- Work request
From the listing below, set down exactly the lines between the one holding "Proof. by move=>" and the one holding "have -> : (\sum_(i", inclusive. No other line is wanted.

- Data
____
Lemma factorE x : hbar (pi x) = h x.
Proof.
have piE := epsilon_spec (inhabits 0) (fun z => pi z = pi x) (pi_surj (pi x)).
by apply/eqP; rewrite -subr_eq0 -rmorphB pi_h // rmorphB piE subrr.
Qed.

Lemma factor_zmod_morphism : zmod_morphism hbar.
Proof.
move=> y1 y2; have [x1 <-] := pi_surj y1; have [x2 <-] := pi_surj y2.
by rewrite -rmorphB !factorE rmorphB.
Qed.
HB.instance Definition _ := GRing.isZmodMorphism.Build B C hbar factor_zmod_morphism.

Lemma factor_monoid_morphism : GRing.monoid_morphism hbar.
Proof.
split; first by rewrite -(rmorph1 pi) factorE rmorph1.
move=> y1 y2; have [x1 <-] := pi_surj y1; have [x2 <-] := pi_surj y2.
by rewrite -rmorphM !factorE rmorphM.
Qed.
HB.instance Definition _ := GRing.isMonoidMorphism.Build B C hbar factor_monoid_morphism.

End Factor.

Section Units.
Variables R S : pzRingType.

Lemma is_unit_rmorph (h : {rmorphism R -> S}) x : is_unit x -> is_unit (h x).
Proof. by case=> y [xy yx]; exists (h y); rewrite -!rmorphM xy yx rmorph1. Qed.

Lemma linv_eq_rinv (x l r : R) : l * x = 1 -> x * r = 1 -> l = r.
Proof. by move=> lx xr; rewrite -[l]mulr1 -xr mulrA lx mul1r. Qed.

Lemma is_unit_1Bnil (z : R) n : z ^+ n = 0 -> is_unit (1 - z).
Proof.
move=> zn0; exists (\sum_(i < n) z ^+ i).
have zS : GRing.comm z (\sum_(i < n) z ^+ i).
  by apply: commr_sum => i _; apply/commrX/commr_refl.
have -> : (\sum_(i < n) z ^+ i) * (1 - z) = (1 - z) * \sum_(i < n) z ^+ i.
  exact/commrB/commr_sym/zS/commr1.
by rewrite -opprB mulNr -subrX1 zn0 sub0r opprK.
Qed.

Lemma is_unit_lift (phi : {rmorphism R -> S}) :
    (forall y, exists x, phi x = y) -> (forall z, phi z = 0 -> exists n, z ^+ n = 0) ->
  forall x, is_unit (phi x) -> is_unit x.
Proof.
move=> phi_surj phi_nil x [w [xw wx]]; have [v phiv] := phi_surj w.
have unit_of k : phi k = 1 -> is_unit k.
  move=> phik; have [n zn0] : exists n, (1 - k) ^+ n = 0.
    by apply: phi_nil; rewrite rmorphB rmorph1 phik subrr.
  by rewrite -[k](subKr 1); apply: is_unit_1Bnil zn0.
have [y [xvy _]] : is_unit (x * v) by apply: unit_of; rewrite rmorphM phiv.
have [y' [_ y'vx]] : is_unit (v * x) by apply: unit_of; rewrite rmorphM phiv.
have xr : x * (v * y) = 1 by rewrite mulrA.
have lx : (y' * v) * x = 1 by rewrite -mulrA.
by exists (v * y); split; last rewrite -(linv_eq_rinv lx xr).
Qed.

End Units.

Lemma right_ext_mulr (A B : pzRingType) (f : A -> B) (I : A -> Prop) z c :
  right_ext f I z -> right_ext f I (z * c).
Proof.
elim=> [|x b Ix|u v _ IHu _ IHv].
- by rewrite mul0r; constructor.
- by rewrite -mulrA; constructor.
- by rewrite mulrDl; constructor.
Qed.

Lemma is_ideal_kernel (R S : pzRingType) (phi : {rmorphism R -> S}) :
  is_ideal (fun x => phi x = 0).
Proof.
split=> [|x y phix phiy|x y phiy]; first exact: rmorph0.
  by rewrite rmorphD phix phiy addr0.
by rewrite !rmorphM phiy mulr0 mul0r.
Qed.

Section FractionsModuloNilpotent.
Variables (A : pzRingType) (I : A -> Prop) (N : nat) (s : A).
Hypotheses (HI : is_ideal I) (HN : forall x, ipow I N x -> x = 0).
Hypothesis Hgr : gr_commutative I.
Variables (As : pzRingType) (f : {rmorphism A -> As}).
Hypothesis Hf : ring_of_fractions (powers s) f.
Variables (Abar : pzRingType) (pi : {rmorphism A -> Abar}).
Hypotheses (pi_surj : forall y, exists x, pi x = y) (pi_ker : forall x, pi x = 0 <-> I x).
Variables (Abars : pzRingType) (g : {rmorphism Abar -> Abars}).
Hypothesis Hg : ring_of_fractions (powers (pi s)) g.
Variable phi : {rmorphism As -> Abars}.
Hypothesis phi_f : forall x, phi (f x) = g (pi x).

Local Notation Ir := (right_ext f I).
Local Notation Il := (left_ext f I).

Lemma is_unit_f_powers t : powers s t -> is_unit (f t).
Proof. by case: Hf => Hu _ _; apply: Hu. Qed.

(* The Ore conditions move a denominator across an element of I. *)
Lemma right_ext_fraction y u j : I y -> u * f (s ^+ j) = 1 -> Ir (u * f y).
Proof.
move=> /(ipow1 HI) Iy uf.
have [m [y' [/(ipow1 HI) Iy' Ey]]] := right_ore_ipow s HI HN Hgr j Iy.
have [w [fw _]] : is_unit (f (s ^+ m)) by apply: is_unit_f_powers; exists m.
have -> : u * f y = u * f (y * s ^+ m) * w by rewrite rmorphM -!mulrA fw mulr1.
by rewrite Ey rmorphM mulrA uf mul1r; constructor.
Qed.

Lemma left_ext_fraction y u j : I y -> f (s ^+ j) * u = 1 -> Il (f y * u).
Proof.
move=> /(ipow1 HI) Iy fu.
have [m [y' [/(ipow1 HI) Iy' Ey]]] := left_ore_ipow s HI HN Hgr j Iy.
have [w [_ wf]] : is_unit (f (s ^+ m)) by apply: is_unit_f_powers; exists m.
have -> : f y * u = w * f (s ^+ m * y) * u by rewrite rmorphM !mulrA wf mul1r.
by rewrite Ey rmorphM -!mulrA fu mulr1; constructor.
Qed.

Lemma right_ext_mull b z : Ir z -> Ir (b * z).
Proof.
elim=> [|x c Ix|u v _ IHu _ IHv].
- by rewrite mulr0; constructor.
- case: Hf => _ _ /(_ b) [_ [a [_ [u [[j ->] _ uf ->]]]]].
  have -> : u * f a * (f x * c) = u * f (a * x) * c by rewrite rmorphM !mulrA.
  apply: right_ext_mulr; apply: right_ext_fraction uf; exact: idealMl.
- by rewrite mulrDr; constructor.
Qed.

Lemma right_ext_ideal : is_ideal Ir.
Proof.
split=> [|x y|x y Iy]; [exact: rext_0 | exact: rext_add |].
by split; [apply: right_ext_mull | apply: right_ext_mulr].
Qed.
____
- Task solution
Proof. by move=> lx xr; rewrite -[l]mulr1 -xr mulrA lx mul1r. Qed.

Lemma is_unit_1Bnil (z : R) n : z ^+ n = 0 -> is_unit (1 - z).
Proof.
move=> zn0; exists (\sum_(i < n) z ^+ i).
have zS : GRing.comm z (\sum_(i < n) z ^+ i).
  by apply: commr_sum => i _; apply/commrX/commr_refl.
have -> : (\sum_(i < n) z ^+ i) * (1 - z) = (1 - z) * \sum_(i < n) z ^+ i.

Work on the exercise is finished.